Il y a eu un joli moment sur la chanson « Massé » dès les premiers accords le public réagit. La chanson fait déjà partie des classiques de son public. C’est une chanson qui parle du fait d’accueillir le jour qui vient avec reconnaissance. Etre en vie, regarder, ressentir, sont des raisons d’être reconnaissant et de rendre grâce au divin Blick Bassy est profondément africain.

Si sa musique s’enrichit de rythmes, d’influences exogènes, ses fondations et ses racines sont en Afrique au Cameroun, en pays bassa. Il prouve que l’on peut demeurer authentique et toucher des personnes pour qui sa langue maternelle est étrangère.

Il a trouvé le moyen de nous inviter à communier avec lui en présentant simplement les thématiques de ses chansons.

Dans une de ses chansons, il parle de la bénédiction des pères au fils qui s’en va. Explorez son univers, vous découvrirez une Afrique généreuse, ouverte sur l’autre. Une Afrique qui demeure digne par- delà les vicissitudes de l’existence. C’est le regard qu’il pose sur sa terre et ses racines qui les montrent belles.

Nous avons aussi eu droit à des invités qui sont venus rejoindre le chanteur sur scène. Je n’ai malheureusement pas retenu les noms de tout le monde mais je sais que le passage de Hilaire Penda a été un beau moment. Ce bassiste qui est en plus un promoteur généreux des artistes mérite une large audience à la mesure de son talent. C’est beau de voir les générations collaborer dans le respect comme ils le font.

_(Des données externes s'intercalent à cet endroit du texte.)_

(* In the category $\mathcal H'$ described in the context, for every integer $k\ge1$ the following equality holds in $\mathrm{End}_{\mathcal H'}(\mathbf 1)$: \[\tilde c_{k+1}=\sum_{a=0}^{k-1}\tilde c_a\, c_{k-1-a}.\]
   Context: Let $\Bbbk$ be a commutative ring. The category $\mathcal{H}'$ is the $\Bbbk$-linear additive strict monoidal category defined as follows. For a finite sign sequence $\epsilon=\epsilon_1\cdots\epsilon_m$ there is an object $Q_\epsilon=Q_{\epsilon_1}\otimes\cdots\otimes Q_{\epsilon_m}$, $Q_\epsilon\otimes Q_{\epsilon'}=Q_{\epsilon\epsilon'}$, unit $\mathbf 1=Q_\emptyset$; general objects are finite formal direct sums. $\mathrm{Hom}(Q_\epsilon,Q_{\epsilon'})$ ($\epsilon$ of length $m$, $\epsilon'$ of length $k$) is the $\Bbbk$-module spanned by planar diagrams: compact oriented $1$-manifolds immersed in $\mathbb R\times[0,1]$ with only transverse double points, boundary $\{1,\dots,m\}\times\{0\}\cup\{1,\dots,k\}\times\{1\}$, the strand pointing upward at the $i$-th lower (resp. $j$-th upper) endpoint iff $\epsilon_i=+$ (resp. $\epsilon'_j=+$); up to isotopy rel boundary and modulo local relations. Composition is stacking, $\otimes$ is juxtaposition. With $X\in\mathrm{End}(Q_{++})$ the crossing of two upward strands, $\mathrm{cup}_{+-}:\mathbf 1\to Q_{+-}$, $\mathrm{cup}_{-+}:\mathbf 1\to Q_{-+}$, $\mathrm{cap}_{+-}:Q_{+-}\to\mathbf 1$, $\mathrm{cap}_{-+}:Q_{-+}\to\mathbf 1$ the oriented U-turns, and $Y:Q_{+-}\to Q_{-+}$, $Y':Q_{-+}\to Q_{+-}$ the mixed crossings, the relations are: $X^2=\mathrm{id}$; braid relation for $X$ on $Q_{+++}$; $Y'Y=\mathrm{id}_{Q_{+-}}$; $YY'=\mathrm{id}_{Q_{-+}}-\mathrm{cup}_{-+}\mathrm{cap}_{-+}$; $\mathrm{cap}_{-+}\mathrm{cup}_{-+}=\mathrm{id}_{\mathbf 1}$; $(\mathrm{cap}_{-+}\otimes\mathrm{id}_{Q_+})(\mathrm{id}_{Q_-}\otimes X)(\mathrm{cup}_{-+}\otimes\mathrm{id}_{Q_+})=0$ (left curl is zero). The dot (right curl) is $x=(\mathrm{id}_{Q_+}\otimes\mathrm{cap}_{+-})(X\otimes\mathrm{id}_{Q_-})(\mathrm{id}_{Q_+}\otimes\mathrm{cup}_{+-})\in\mathrm{End}(Q_+)$. The clockwise circle with $k$ dots is $c_k=\mathrm{cap}_{+-}\circ(x^k\otimes\mathrm{id}_{Q_-})\circ\mathrm{cup}_{+-}$ and the counterclockwise circle with $k$ dots is $\tilde c_k=\mathrm{cap}_{-+}\circ(\mathrm{id}_{Q_-}\otimes x^k)\circ\mathrm{cup}_{-+}$, both in the commutative algebra $\mathrm{End}_{\mathcal H'}(\mathbf 1)$, whose product is composition. *)

(* The category H' is built as a presentation:
   morphisms are (untyped) formal terms, with a computable typing function,
   modulo the smallest equivalence relation containing the strict monoidal
   k-linear category axioms, the planar-isotopy relations and the local
   relations of H'.  Signs: true = +, false = -. *)
From HB Require Import structures.
From mathcomp Require Import all_boot all_order all_algebra.
Set Implicit Arguments. Unset Strict Implicit. Unset Printing Implicit Defensive.
Import GRing.Theory.
Local Open Scope ring_scope.

Inductive gen :=
| GX
| GCupPM
| GCupMP
| GCapPM
| GCapMP
| GY
| GY'.

Definition gsrc (g : gen) : seq bool :=
  match g with
  | GX => [:: true; true] | GCupPM => [::] | GCupMP => [::]
  | GCapPM => [:: true; false] | GCapMP => [:: false; true]
  | GY => [:: true; false] | GY' => [:: false; true]
  end.
Definition gtgt (g : gen) : seq bool :=
  match g with
  | GX => [:: true; true] | GCupPM => [:: true; false] | GCupMP => [:: false; true]
  | GCapPM => [::] | GCapMP => [::]
  | GY => [:: false; true] | GY' => [:: true; false]
  end.

Section Terms.
Variable R : comPzRingType.

(* formal expressions for morphisms; Comp s t means s o t (t first) *)
Inductive term :=
| Id (e : seq bool)
| Gen (g : gen)
| Comp (s t : term)
| Tens (s t : term)
| Zero (e f : seq bool)
| Add (s t : term)
| Scale (a : R) (s : term).

Fixpoint ty (t : term) : option (seq bool * seq bool) :=
  match t with
  | Id e => Some (e, e)
  | Gen g => Some (gsrc g, gtgt g)
  | Comp s u =>
      match ty s, ty u with
      | Some (b, c), Some (a, b') => if b == b' then Some (a, c) else None
      | _, _ => None
      end
  | Tens s u =>
      match ty s, ty u with
      | Some (a1, b1), Some (a2, b2) => Some (a1 ++ a2, b1 ++ b2)
      | _, _ => None
      end
  | Zero e f => Some (e, f)
  | Add s u => if ty s == ty u then ty s else None
  | Scale _ s => ty s
  end.

Notation X := (Gen GX).
Notation cupPM := (Gen GCupPM).
Notation cupMP := (Gen GCupMP).
Notation capPM := (Gen GCapPM).
Notation capMP := (Gen GCapMP).
Notation Y := (Gen GY).
Notation Y' := (Gen GY').
Notation p := true.
Notation m := false.

(* basic equations; they are imposed only when both sides are well typed
   with the same type (see heq_ax) *)
Inductive ax : term -> term -> Prop :=
| ax_idl s b : ax (Comp (Id b) s) s
| ax_idr s a : ax (Comp s (Id a)) s
| ax_compA s t u : ax (Comp (Comp s t) u) (Comp s (Comp t u))
| ax_tensA s t u : ax (Tens (Tens s t) u) (Tens s (Tens t u))
| ax_tens1l s : ax (Tens (Id [::]) s) s
| ax_tens1r s : ax (Tens s (Id [::])) s
| ax_tensId e1 e2 : ax (Tens (Id e1) (Id e2)) (Id (e1 ++ e2))
| ax_interchange s t u v :
    ax (Comp (Tens s t) (Tens u v)) (Tens (Comp s u) (Comp t v))
| ax_addA s t u : ax (Add (Add s t) u) (Add s (Add t u))
| ax_addC s t : ax (Add s t) (Add t s)
| ax_add0 e f s : ax (Add (Zero e f) s) s
| ax_scale0 e f s : ax (Scale 0 s) (Zero e f)
| ax_scale1 s : ax (Scale 1 s) s
| ax_scaleM a b s : ax (Scale (a * b) s) (Scale a (Scale b s))
| ax_scaleDl a b s : ax (Scale (a + b) s) (Add (Scale a s) (Scale b s))
| ax_scaleDr a s t : ax (Scale a (Add s t)) (Add (Scale a s) (Scale a t))
| ax_compDl s t u : ax (Comp (Add s t) u) (Add (Comp s u) (Comp t u))
| ax_compDr s t u : ax (Comp u (Add s t)) (Add (Comp u s) (Comp u t))
| ax_compZl a s t : ax (Comp (Scale a s) t) (Scale a (Comp s t))
| ax_compZr a s t : ax (Comp s (Scale a t)) (Scale a (Comp s t))
| ax_comp0l b c a t : ax (Comp (Zero b c) t) (Zero a c)
| ax_comp0r a b c s : ax (Comp s (Zero a b)) (Zero a c)
| ax_tensDl s t u : ax (Tens (Add s t) u) (Add (Tens s u) (Tens t u))
| ax_tensDr s t u : ax (Tens u (Add s t)) (Add (Tens u s) (Tens u t))
| ax_tensZl a s t : ax (Tens (Scale a s) t) (Scale a (Tens s t))
| ax_tensZr a s t : ax (Tens s (Scale a t)) (Scale a (Tens s t))
| ax_tens0l e f e' f' t : ax (Tens (Zero e f) t) (Zero e' f')
| ax_tens0r e f e' f' s : ax (Tens s (Zero e f)) (Zero e' f')
| ax_zz1 : ax (Comp (Tens (Id [:: p]) capMP) (Tens cupPM (Id [:: p]))) (Id [:: p])
| ax_zz2 : ax (Comp (Tens capPM (Id [:: p])) (Tens (Id [:: p]) cupMP)) (Id [:: p])
| ax_zz3 : ax (Comp (Tens (Id [:: m]) capPM) (Tens cupMP (Id [:: m]))) (Id [:: m])
| ax_zz4 : ax (Comp (Tens capMP (Id [:: m])) (Tens (Id [:: m]) cupPM)) (Id [:: m])
(* planar isotopy: Y is X rotated clockwise, Y' is X rotated counterclockwise *)
| ax_Yrot : ax Y
    (Comp (Tens (Id [:: m; p]) capPM)
      (Comp (Tens (Id [:: m]) (Tens X (Id [:: m])))
            (Tens cupMP (Id [:: p; m]))))
| ax_Y'rot : ax Y'
    (Comp (Tens capMP (Id [:: p; m]))
      (Comp (Tens (Id [:: m]) (Tens X (Id [:: m])))
            (Tens (Id [:: m; p]) cupPM)))
(* planar isotopy: cyclicity (the downward crossing is well defined) *)
| ax_cyclic :
    ax (Comp (Tens (Id [:: m; m]) capPM)
         (Comp (Tens (Id [:: m]) (Tens Y (Id [:: m])))
               (Tens cupMP (Id [:: m; m]))))
       (Comp (Tens capMP (Id [:: m; m]))
         (Comp (Tens (Id [:: m]) (Tens Y' (Id [:: m])))
               (Tens (Id [:: m; m]) cupPM)))
| ax_X2 : ax (Comp X X) (Id [:: p; p])
| ax_braid :
    ax (Comp (Tens X (Id [:: p])) (Comp (Tens (Id [:: p]) X) (Tens X (Id [:: p]))))
       (Comp (Tens (Id [:: p]) X) (Comp (Tens X (Id [:: p])) (Tens (Id [:: p]) X)))
| ax_Y'Y : ax (Comp Y' Y) (Id [:: p; m])
| ax_YY' : ax (Comp Y Y') (Add (Id [:: m; p]) (Scale (-1) (Comp cupMP capMP)))
| ax_bubble : ax (Comp capMP cupMP) (Id [::])
| ax_leftcurl :
    ax (Comp (Tens capMP (Id [:: p])) (Comp (Tens (Id [:: m]) X) (Tens cupMP (Id [:: p]))))
       (Zero [:: p] [:: p]).

Inductive heq : term -> term -> Prop :=
| heq_ax s t : ax s t -> ty s = ty t -> ty s <> None -> heq s t
| heq_refl s : ty s <> None -> heq s s
| heq_sym s t : heq s t -> heq t s
| heq_trans s t u : heq s t -> heq t u -> heq s u
| heq_comp s s' t t' : heq s s' -> heq t t' -> heq (Comp s t) (Comp s' t')
| heq_tens s s' t t' : heq s s' -> heq t t' -> heq (Tens s t) (Tens s' t')
| heq_add s s' t t' : heq s s' -> heq t t' -> heq (Add s t) (Add s' t')
| heq_scale a s s' : heq s s' -> heq (Scale a s) (Scale a s').

(* the dot (right curl) x in End(Q_+) *)
Definition dot : term :=
  Comp (Tens (Id [:: p]) capPM) (Comp (Tens X (Id [:: m])) (Tens (Id [:: p]) cupPM)).

Fixpoint dotpow (k : nat) : term :=
  match k with 0 => Id [:: p] | k'.+1 => Comp dot (dotpow k') end.

(* clockwise circle with k dots *)

Definition c_ (k : nat) : term :=
  Comp capPM (Comp (Tens (dotpow k) (Id [:: m])) cupPM).

(* counterclockwise circle with k dots *)
Definition ct_ (k : nat) : term :=
  Comp capMP (Comp (Tens (Id [:: m]) (dotpow k)) cupMP).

Blick Bassy est accompagné par d’excellents musiciens et le percussionniste et le batteur nous offriront un duo éblouissant. Le guitariste et le batteur ont appris à maîtriser les fondamentaux de l’assiko. C’est impressionnant. Le chanteur d’un regard ou d’un sourire lancé à ses musiciens dit une jolie complicité.

Il y a eu de bien jolis moments et la voix de Blick Bassy et le voile posé dessus sont si émouvants.

Ce soir là au New Morning, il n’a pas seulement chanté pour nous, il était au milieu de nous et chantait pour et avec nous. Il semblait heureux d’être là, nous l’étions aussi.

A la fin du spectacle, ses traits fatigués disent l’énergie qu’il faut dépenser pour un tour de chant abouti. Pourtant l’homme est souriant et disponible, échangeant un mot ici et là. Se livrant aux séances de dédicaces et à celles improvisées de photos avec des admirateurs avides de graver l’instant.

Merci à lui de nous avoir offert une belle soirée et un final très camerounais et très festif. Le public s’est levé pour danser. Enfin. Quelle soirée !!!!